Le bois a attendu moins de temps pour sortir dans notre pays : édité en 2014, il nous est arrivé au début du mois d’octobre chez Gallimard et le moins qu’on puisse dire, c’est que l’évocation de cette institution franciscaine, qui fait écho aux divers pensionnats catholiques fréquentés par l’auteur durant son enfance, fournit la matière d’un roman sans concession sur une communauté dévastatrice. En même temps, à travers le point de vue de frère Bonaventure, c’est le pouvoir du témoignage et de ses effets qui suscite un questionnement essentiel : que peut-on faire de ce qu’on sait et de la parole vectrice, pour manifester une forme de résistance à l’insupportable ?

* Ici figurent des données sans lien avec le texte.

Lemma adjacent_triangle Z : is_subspace Z -> adjacent X Z -> adjacent Y Z ->
  X `&` Y `<=` Z \/ Z `<=` ssum X Y.
Proof.
move=> hZ aXZ aYZ; have [sMZ|nMZ] := pselect (X `&` Y `<=` Z); [by left|right].
have [_ cMY] := adjacent_meet hX hY aXY.
have [_ cZYY] := adjacent_meet hZ hY (adjacentC aYZ).
have nMZY : X `&` Y <> Z `&` Y by move=> eM; apply: nMZ; rewrite eM; apply: subIsetl.
have [_ eY] := codim1_common_sup (setI_subspace hX hY) (setI_subspace hZ hY) cMY cZYY nMZY.
have hXZ := ssum_subspace hX hZ.
have sNXZ : ssum X Y `<=` ssum X Z.
  apply: (ssum_least hXZ (ssum_subl hZ)); rewrite -eY.
  by apply: (ssum_least hXZ) => v [hv _]; [apply: ssum_subl|apply: ssum_subr].
have [eNX|->] := codim1_between hX (ssum_subspace hX hY) aXZ.1 (ssum_subl hY) sNXZ.
  by case: (codim1_neq aXY.1).
exact: ssum_subr.
Qed.

End Adjacent.

Lemma adjacent_mixed_join X Y Z1 Z2 : is_subspace X -> is_subspace Y ->
  is_subspace Z1 -> is_subspace Z2 -> adjacent X Y -> adjacent X Z1 ->
  adjacent X Z2 -> adjacent Z1 Z2 -> Z1 `<=` ssum X Y -> ~ X `&` Y `<=` Z1 ->
  X `&` Y `<=` Z2 -> Z2 `<=` ssum X Y.
Proof.
move=> hX hY hZ1 hZ2 aXY aXZ1 aXZ2 aZ12 sZ1N nMZ1 sMZ2.
have [sXZ1Z2|] := adjacent_triangle hX hZ1 aXZ1 hZ2 aXZ2 aZ12; last first.
  by rewrite (adjacent_join_eq hX hY aXY hZ1 aXZ1 sZ1N).
have [cXZ1 _] := adjacent_meet hX hZ1 aXZ1; have [cMX _] := adjacent_meet hX hY aXY.
have sXZ1M : X `&` Z1 `<=` X `&` Y.
  rewrite -(adjacent_meet_eq hX hY aXY hZ2 aXZ2 sMZ2) subsetI.
  by split=> // v [].
have [eM|eMX] := codim1_between (setI_subspace hX hZ1) (setI_subspace hX hY) cXZ1
  sXZ1M (@subIsetl _ X Y).
  by case: nMZ1; rewrite eM; apply: subIsetr.
by case: (codim1_neq cMX).
Qed.

Definition star M : set (set V) := [set Z | Gset Z /\ codim1 M Z].
Definition top N : set (set V) := [set Z | Gset Z /\ codim1 Z N].

Lemma star_clique M : is_subspace M -> is_clique (star M).
Proof.
move=> hM; split=> [Z [] //|X Y [_ cX] [_ cY] nXY].
exact: adjacent_of_common_sub hM cX cY nXY.
Qed.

Assurément nourri par une réflexion qui dépasse une simple histoire de cruauté et de perversité, le récit construit des effets d’échos avec le nazisme, puisque les faits se déroulent au Pays-Bas, juste après la Seconde Guerre mondiale, et que les exactions commises à l’encontre d’une population totalement fragilisée renvoient indéniablement à l’univers concentrationnaire.
Entre les vœux de chasteté qu’ils ont prononcés et la réalité des violences que subissent de jeunes pensionnaires, confiés par leurs parents, les religieux ouvrent une béance, comme un redoutable défi lancé à la conscience humaine. Tous les moines s’alignent sur les postures de frère Mansuétus, directeur inflexible qui impose la fatalité du silence et celle du témoignage disqualifié : lorsque certains enfants s’avisent de raconter les traumatismes qu’ils subissent, on ne les croit pas.
Professeur d’allemand, lui-même privé de ses droits les plus élémentaires, Bonaventure constitue le fil rouge de ce récit implacable, d’autant plus fort qu’il ne cède jamais aux facilités de l’effet.